We use the plot of \(\mbox{log}\big\{-\mbox{log}\,S(t)\big\}\) against \(t\) to check the proportional hazards assumptions as follows:
y1 <- log(-log(est_km1$surv))
y2 <- log(-log(est_km2$surv))
t1 <- est_km1$time
t2 <- est_km2$time
ggplot() +
geom_step(aes(x = t1, y = y1, color = "35<=age<55"), size = 1) +
geom_step(aes(x = t2, y = y2, color = "age>=55"), size = 1) +
labs(title = "Kaplan-Meier estimate in the log{log[S(t)]}", x = "Time", y = "log{-log[S(t)]}") +
theme(plot.title = element_text(hjust = 0.5, size = 13), axis.title = element_text(size = 14),
axis.text.x = element_text(size = 11), axis.text.y = element_text(size = 12))
## Warning: Using `size` aesthetic for lines was deprecated in ggplot2 3.4.0.

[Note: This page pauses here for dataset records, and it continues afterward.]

Lemma rpowK a q : 0 < q -> 0 <= a -> rpow (rpow a q) (/ q) = a.
Proof.
  intros Hq [Ha| <-]; [|now rewrite !rpow_0].
  rewrite (rpow_pos a), rpow_pos by (try apply exp_pos; lra).
  rewrite Rpower_mult, Rinv_r by lra. now apply Rpower_1.
Qed.

Lemma rpow_invK a q : 0 < q -> 0 <= a -> rpow (rpow a (/ q)) q = a.
Proof.
  intros Hq Ha. rewrite <- (Rinv_inv q) at 2. apply rpowK; auto.
  now apply Rinv_0_lt_compat.
Qed.

Lemma rpow_add_le a b q : 0 < q -> 0 <= a -> 0 <= b ->
  rpow (a + b) q <= rpow 2 q * (rpow a q + rpow b q).
Proof.
  intros Hq Ha Hb.
  pose proof (rpow_ge0 a q). pose proof (rpow_ge0 b q).
  assert (Hm : 0 <= Rmax a b /\ a + b <= 2 * Rmax a b)
    by (unfold Rmax; destruct (Rle_dec a b); lra).
  eapply Rle_trans; [apply rpow_le with (b := 2 * Rmax a b); auto; lra|].
  rewrite rpow_mult by lra.
  apply Rmult_le_compat_l; [apply rpow_ge0|].
  unfold Rmax; destruct (Rle_dec a b); lra.
Qed.

Lemma rpow_inv_lt a e q : 0 < q -> 0 <= a -> 0 < e -> a < rpow e q -> rpow a (/ q) < e.
Proof.
  intros Hq Ha He H. rewrite <- (rpowK e q) by lra.
  apply rpow_lt; [now apply Rinv_0_lt_compat | auto].
Qed.

Lemma lt_rpow_of_inv_lt a e q : 0 < q -> 0 <= a -> 0 < e -> rpow a (/ q) < e -> a < rpow e q.
Proof.
  intros Hq Ha He H. rewrite <- (rpow_invK a q) by lra.
  apply rpow_lt; auto. split; auto. apply rpow_ge0.
Qed.

Lemma exists_rpow_lt q e : 0 < q -> 0 < e -> exists d, 0 < d /\ rpow d q < e.
Proof.
  intros Hq He. exists (rpow (e / 2) (/ q)). split; [apply rpow_gt0; lra|].
  rewrite rpow_invK; lra.
Qed.

Lemma mul_lt_of_lt_div (n x t : R) : 0 <= n -> 0 <= x -> x < t / (n + 1) -> n * x < t.
Proof.
  intros Hn Hx H. apply (Rmult_lt_compat_r (n + 1)) in H; [|lra].
  unfold Rdiv in H. rewrite Rmult_assoc, Rinv_l in H by lra. nra.
Qed.

Lemma exists_small_scale (c d B : R) : 0 < c -> 0 < d ->
  exists eta, 0 < eta /\ eta <= d /\ 2 * eta * (Rabs B + 1) <= c.
Proof.
  intros Hc Hd. pose proof (Rabs_pos B).
  exists (Rmin d (c / (2 * (Rabs B + 1)))).
  pose proof (Rmin_l d (c / (2 * (Rabs B + 1)))). pose proof (Rmin_r d (c / (2 * (Rabs B + 1)))).
  split; [apply Rmin_glb_lt; [lra | apply Rdiv_lt_0_compat; lra]|]. split; [lra|].
  apply Rle_trans with (c / (2 * (Rabs B + 1)) * (2 * (Rabs B + 1))); [|right; field; lra].
  rewrite (Rmult_comm 2), Rmult_assoc. apply Rmult_le_compat_r; lra.
Qed.

Lemma INR_unbounded (B : R) : exists n, B <= INR n.
Proof.
  destruct (archimed B) as [H1 _]. destruct (Z_lt_le_dec (up B) 0).
  - exists 0%nat. simpl. assert (IZR (up B) < 0) by (now apply IZR_lt). lra.
  - exists (Z.to_nat (up B)). rewrite INR_IZR_INZ, Z2Nat.id by auto. lra.
Qed.

Lemma geom_tail_empty r J : (J <= r)%nat ->
  sum_f_R0 (fun t => if Nat.ltb r t then (/4) ^ t else 0) J = 0.
Proof.
  induction J; intros HJ; simpl; [destruct (Nat.ltb_spec r 0); auto; lia|].
  rewrite IHJ by lia. destruct (Nat.ltb_spec r (S J)); [lia|ring].
Qed.
Lemma card_homGrp_cyclic n rT (H : {group rT}) :
  0 < n -> hom H (cyclic_pres n) -> #|H| <= n.
Proof. by move=> n_gt0 /homGrpP[[|a []] //= _ /andP[/eqP <- /eqP]]; apply: card_gen1_le. Qed.

Lemma card_homGrp_trivial rT (H : {group rT}) :
  H \homg Grp trivial_pres -> #|H| <= 1.
Proof. by move=> /homGrpP[[|a []] //= _ /andP[/eqP <- /eqP a1]]; apply: card_gen1_le. Qed.

Lemma card_homGrp_dihedral n rT (H : {group rT}) :
  0 < n -> hom H (dihedral_pres n) -> #|H| <= n * 2.
Proof.
move=> n_gt0 /homGrpP[[|a [|s []]] //= _ /andP[/eqP <-]].
move=> /and3P[/eqP an /eqP s2 /eqP as2].
apply: (card_gen_rcons_le (ys := [:: a])) => //; first exact: card_gen1_le.
by rewrite /= (conjg_dihedral s2 as2); gen_mem.
Qed.

Lemma card_homGrp_Z3xZ3 rT (H : {group rT}) :
  H \homg Grp Z3xZ3_pres -> #|H| <= 3 * 3.
Proof.
move=> /homGrpP[[|a [|b []]] //= _ /andP[/eqP <-]].
move=> /and3P[/eqP a3 /eqP b3 /eqP cab].
apply: (card_gen_rcons_le (ys := [:: a])) => //; first exact: card_gen1_le.
by rewrite /= (conjg_commute cab); gen_mem.
Qed.

Lemma card_homGrp_D3xZ3 rT (H : {group rT}) :
  H \homg Grp D3xZ3_pres -> #|H| <= 3 * 2 * 3.
Proof.
move=> /homGrpP[[|a [|s [|c []]]] //= _ /andP[/eqP <-]].
move=> /and5P[/eqP a3 /eqP s2 /eqP as2 /eqP c3 /andP[/eqP cac /eqP csc]].
apply: (card_gen_rcons_le (ys := [:: a; s])) => //.
  by apply: (@card_homGrp_dihedral 3) => //; apply: gen_homGrp => //=; rewrite a3 s2 as2 !eqxx.
by rewrite /= (conjg_commute cac) (conjg_commute csc); gen_mem.
Qed.

Lemma card_homGrp_Z3Z3_Z2 rT (H : {group rT}) :
  H \homg Grp Z3Z3_Z2_pres -> #|H| <= 3 * 3 * 2.
Proof.
move=> /homGrpP[[|a [|b [|t []]]] //= _ /andP[/eqP <-]].
move=> /and5P[/eqP a3 /eqP b3 /eqP cab /eqP t2 /andP[/eqP at' /eqP bt]].
apply: (card_gen_rcons_le (ys := [:: a; b])) => //.
  by apply: card_homGrp_Z3xZ3; apply: gen_homGrp => //=; rewrite a3 b3 cab !eqxx.
by rewrite /= at' bt; gen_mem.
Qed.

Lemma card_homGrp_Z3Z3_Z4 rT (H : {group rT}) :
  H \homg Grp Z3Z3_Z4_pres -> #|H| <= 3 * 3 * 4.
Proof.
move=> /homGrpP[[|a [|b [|t []]]] //= _ /andP[/eqP <-]].
move=> /and5P[/eqP a3 /eqP b3 /eqP cab /eqP t4 /andP[/eqP at' /eqP bt]].
apply: (card_gen_rcons_le (ys := [:: a; b])) => //.
  by apply: card_homGrp_Z3xZ3; apply: gen_homGrp => //=; rewrite a3 b3 cab !eqxx.
by rewrite /= at' bt; gen_mem.
Qed.

Lemma card_homGrp_D3xD3 rT (H : {group rT}) :
  H \homg Grp D3xD3_pres -> #|H| <= 3 * 2 * 3 * 2.
Proof.
move=> /homGrpP[[|a [|s [|b [|u []]]]] //= _ /andP[/eqP <-]].
move=> /and5P[/eqP a3 /eqP s2 /eqP as2 /eqP b3 /and5P[/eqP u2 /eqP bu2]].
move=> /eqP cab /eqP cau /andP[/eqP csb /eqP csu].
apply: (card_gen_rcons_le (ys := [:: a; s; b])) => //.
  apply: (card_gen_rcons_le (ys := [:: a; s])) => //.
    by apply: (@card_homGrp_dihedral 3) => //; apply: gen_homGrp => //=; rewrite a3 s2 as2 !eqxx.
  by rewrite /= (conjg_commute cab) (conjg_commute csb); gen_mem.
by rewrite /= (conjg_commute cau) (conjg_commute csu) (conjg_dihedral u2 bu2); gen_mem.
Qed.

Lemma card_homGrp_wreath rT (H : {group rT}) :
  H \homg Grp wreath_pres -> #|H| <= 3 * 2 * 3 * 2 * 2.
Proof.
move=> /homGrpP[[|a [|s [|b [|u [|t []]]]]] //= _ /andP[/eqP <-]].
move=> /and5P[/eqP a3 /eqP s2 /eqP as2 /eqP b3 /and5P[/eqP u2 /eqP bu2]].
move=> /eqP cab /eqP cau /and5P[/eqP csb /eqP csu /eqP t2 /eqP at' /and3P].
move=> [/eqP st /eqP bt /eqP ut].
apply: (card_gen_rcons_le (ys := [:: a; s; b; u])) => //.
  apply: card_homGrp_D3xD3; apply: gen_homGrp => //=.
  by rewrite a3 s2 as2 b3 u2 bu2 cab cau csb csu !eqxx.
by rewrite /= at' st bt ut; gen_mem.
Qed.

(** * Permutations as words *)

Section PermWords.
Variable k : nat.
Implicit Types (u w : seq nat) (s : {perm 'I_k}).

Definition perm_word w := [&& size w == k, uniq w & all (gtn k) w].

Definition word_mul u w := map (nth 0 w) u.

Definition perm_of_word w : {perm 'I_k} :=
  insubd (1 : {perm 'I_k}) ([ffun i : 'I_k => insubd i (nth 0 w i)] : {ffun 'I_k -> 'I_k}).

Definition word_of_perm s := [seq val (s i) | i <- enum 'I_k].

Definition tperm_word (a b : nat) :=
  [seq if i == a then b else if i == b then a else i | i <- iota 0 k].

Lemma perm_of_wordE w i : perm_word w -> val (perm_of_word w i) = nth 0 w i.
Proof.
case/and3P => /eqP sz_w uniq_w /allP lt_w.
have lt_wi (j : 'I_k) : nth 0 w j < k by apply: lt_w; rewrite mem_nth ?sz_w.
have inj_w : injectiveb [ffun i : 'I_k => insubd i (nth 0 w i)].
  apply/injectiveP => j1 j2; rewrite !ffunE => /(congr1 val).
  by rewrite !val_insubd !lt_wi => /eqP; rewrite nth_uniq ?sz_w // => /eqP /val_inj.
by rewrite -pvalE insubdK // ffunE val_insubd lt_wi.
Qed.

Lemma perm_of_word_inj : {in perm_word &, injective perm_of_word}.
Proof.
move=> u w u_ok w_ok eq_uw; have /and3P[/eqP sz_u _ _] := u_ok.
have /and3P[/eqP sz_w _ _] := w_ok.
apply: (@eq_from_nth _ 0) => [|i]; first by rewrite sz_u sz_w.
rewrite sz_u => lt_ik; have := congr1 (fun s => val (s (Ordinal lt_ik))) eq_uw.
by rewrite /= !perm_of_wordE.
Qed.

Lemma perm_word_iota : perm_word (iota 0 k).
Proof. by rewrite /perm_word size_iota iota_uniq eqxx; apply/allP => i; rewrite mem_iota. Qed.

Lemma perm_of_word_iota : perm_of_word (iota 0 k) = 1.
Proof.
by apply/permP => i; apply/val_inj; rewrite perm_of_wordE ?perm_word_iota // nth_iota ?perm1.
Qed.

Lemma perm_word_mul u w : perm_word u -> perm_word w -> perm_word (word_mul u w).
Proof.
case/and3P=> /eqP sz_u uniq_u /allP lt_u /and3P[/eqP sz_w uniq_w /allP lt_w].
rewrite /perm_word size_map sz_u eqxx /=; apply/andP; split.
  rewrite map_inj_in_uniq // => i j /lt_u lt_i /lt_u lt_j /eqP.
  by rewrite nth_uniq ?sz_w // => /eqP.
by apply/allP => _ /mapP[i /lt_u lt_i ->]; apply: lt_w; rewrite mem_nth ?sz_w.
Qed.

Lemma perm_of_word_mul u w : perm_word u -> perm_word w ->
  perm_of_word (word_mul u w) = perm_of_word u * perm_of_word w.
Proof.
move=> u_ok w_ok; apply/permP => i; apply/val_inj.
rewrite permM !perm_of_wordE ?perm_word_mul // (nth_map 0) //.
by case/and3P: u_ok => /eqP->.
Qed.

Lemma perm_word_of_perm s : perm_word (word_of_perm s).
Proof.
rewrite /perm_word size_map size_enum_ord eqxx map_inj_uniq ?enum_uniq /=.
  by apply/allP => _ /mapP[i _ ->]; apply: ltn_ord.
by move=> i j /val_inj/perm_inj.
Qed.

Lemma word_of_permK : cancel word_of_perm perm_of_word.
Proof.
move=> s; apply/permP => i; apply/val_inj.
by rewrite perm_of_wordE ?perm_word_of_perm // (nth_map i) ?size_enum_ord // nth_ord_enum.
Qed.

Lemma word_of_tperm (x y : 'I_k) : word_of_perm (tperm x y) = tperm_word x y.
Proof.
rewrite /tperm_word -val_enum_ord -map_comp; apply: eq_map => i /=.
by rewrite permE /= -!val_eqE; do !case: ifP.
Qed.

Lemma perm_of_word_tperm (x y : 'I_k) : perm_of_word (tperm_word x y) = tperm x y.
Proof. by rewrite -word_of_tperm word_of_permK. Qed.

End PermWords.

(** * Finite groups given by a Cayley table *)

Lemma gen_sub_mulr_closed (gT : finGroupType) (S Y : {set gT}) :
  1 \in S -> (forall x y, x \in S -> y \in Y -> x * y \in S) -> <<Y>> \subset S.
Proof.
move=> S1 mulSY; pose A := [set y | [forall x, (x \in S) ==> (x * y \in S)]].
have AP y : reflect (forall x, x \in S -> x * y \in S) (y \in A).
  by rewrite inE; apply: (iffP forallP) => Ay x; apply/implyP/Ay.
have gA : group_set A.
  apply/andP; split; first by apply/AP => x; rewrite mulg1.
  apply/subsetP => _ /mulsgP[y z /AP Ay /AP Az ->].
  by apply/AP => x Sx; rewrite mulgA Az ?Ay.
have sYA : <<Y>> \subset Group gA.
  by rewrite gen_subG; apply/subsetP => y Yy; apply/AP => x /mulSY->.
by apply/subsetP => y /(subsetP sYA)/AP/(_ 1 S1); rewrite mul1g.
Qed.

Section CayleyTable.
Variables (gT : finGroupType) (n : nat) (elt : nat -> gT) (mul : nat -> nat -> nat).

Definition cayley_table :=
  [/\ 0 < n, elt 0 = 1, forall i j, i < n -> j < n -> elt i = elt j -> i = j,
      forall i j, i < n -> j < n -> mul i j < n /\ elt (mul i j) = elt i * elt j
    & forall i, i < n -> has (fun j => mul i j == 0) (iota 0 n)].

Hypothesis tableP : cayley_table.

Let n_gt0 : 0 < n. Proof. by case: tableP. Qed.
Let elt0 : elt 0 = 1. Proof. by case: tableP. Qed.
Let elt_inj i j : i < n -> j < n -> elt i = elt j -> i = j.
Proof. by case: tableP => _ _ inj _ _; apply: inj. Qed.
Let mul_lt i j : i < n -> j < n -> mul i j < n.
Proof. by case: tableP => _ _ _ mulP _ lt_i lt_j; case: (mulP i j lt_i lt_j). Qed.
Let eltM i j : i < n -> j < n -> elt (mul i j) = elt i * elt j.
Proof. by case: tableP => _ _ _ mulP _ lt_i lt_j; case: (mulP i j lt_i lt_j). Qed.

Definition tinv i := find (fun j => mul i j == 0) (iota 0 n).

Let tinv_lt i : i < n -> tinv i < n.
Proof. by case: tableP => _ _ _ _ invP /invP; rewrite has_find size_iota. Qed.

Let eltV i : i < n -> elt (tinv i) = (elt i)^-1.
Proof.
move=> lt_i; have lt_inv := tinv_lt lt_i.
case: tableP => _ _ _ _ /(_ i lt_i)/(nth_find 0)/eqP; rewrite -/(tinv i) nth_iota //.
by move/(congr1 elt); rewrite eltM // elt0 => /eqP; rewrite -eq_invg_mul eq_sym => /eqP.
Qed.

Fixpoint tpow i m := if m is m'.+1 then mul (tpow i m') i else 0.

Fixpoint teval (e : seq nat) (t : term) : nat :=
  match t with
  | Cst j => nth 0 e j
  | Idx => 0
  | Inv t1 => tinv (teval e t1)
  | Exp t1 m => tpow (teval e t1) m
  | Mul t1 t2 => mul (teval e t1) (teval e t2)
  | Conj t1 t2 => mul (tinv (teval e t2)) (mul (teval e t1) (teval e t2))
  | Comm t1 t2 =>
    mul (tinv (teval e t1)) (mul (tinv (teval e t2)) (mul (teval e t1) (teval e t2)))
  end.

Fixpoint tholds (e : seq nat) (f : formula) : bool :=
  match f with
  | Eq2 s t => teval e s == teval e t
  | And f1 f2 => tholds e f1 && tholds e f2
  end.

Lemma teval_sound e t : all (fun i => i < n) e ->
  teval e t < n /\ elt (teval e t) = eval (map elt e) t.
Proof.
move=> /allP lt_e; elim: t => /= [j | | t [lt_t <-] | t [lt_t <-] m
  | t1 [lt1 <-] t2 [lt2 <-] | t1 [lt1 <-] t2 [lt2 <-] | t1 [lt1 <-] t2 [lt2 <-]].
- have [lt_j | le_j] := ltnP j (size e); last by rewrite !nth_default ?size_map.
  by rewrite (nth_map 0) //; split=> //; apply/lt_e/mem_nth.
- by [].
- by rewrite tinv_lt ?eltV.
- by elim: m => [|m [lt_m eq_m]] //=; rewrite mul_lt ?eltM // eq_m expgSr.
- by rewrite mul_lt ?eltM.
- by rewrite !(mul_lt, tinv_lt) // !(eltM, eltV, mul_lt, tinv_lt) // conjgE.
- by rewrite !(mul_lt, tinv_lt) // !(eltM, eltV, mul_lt, tinv_lt) // commgEl conjgE.
Qed.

## ℹ Please use `linewidth` instead.
## This warning is displayed once every 8 hours.
## Call `lifecycle::last_lifecycle_warnings()` to see where this warning was
## generated.
According to the plot above, we find that the two curves demonstrate constant vertical shift, which indicates the proportional hazards assumption is valid. Therefore, the Cox model is appropriate to compare the survival times of the two groups of patients.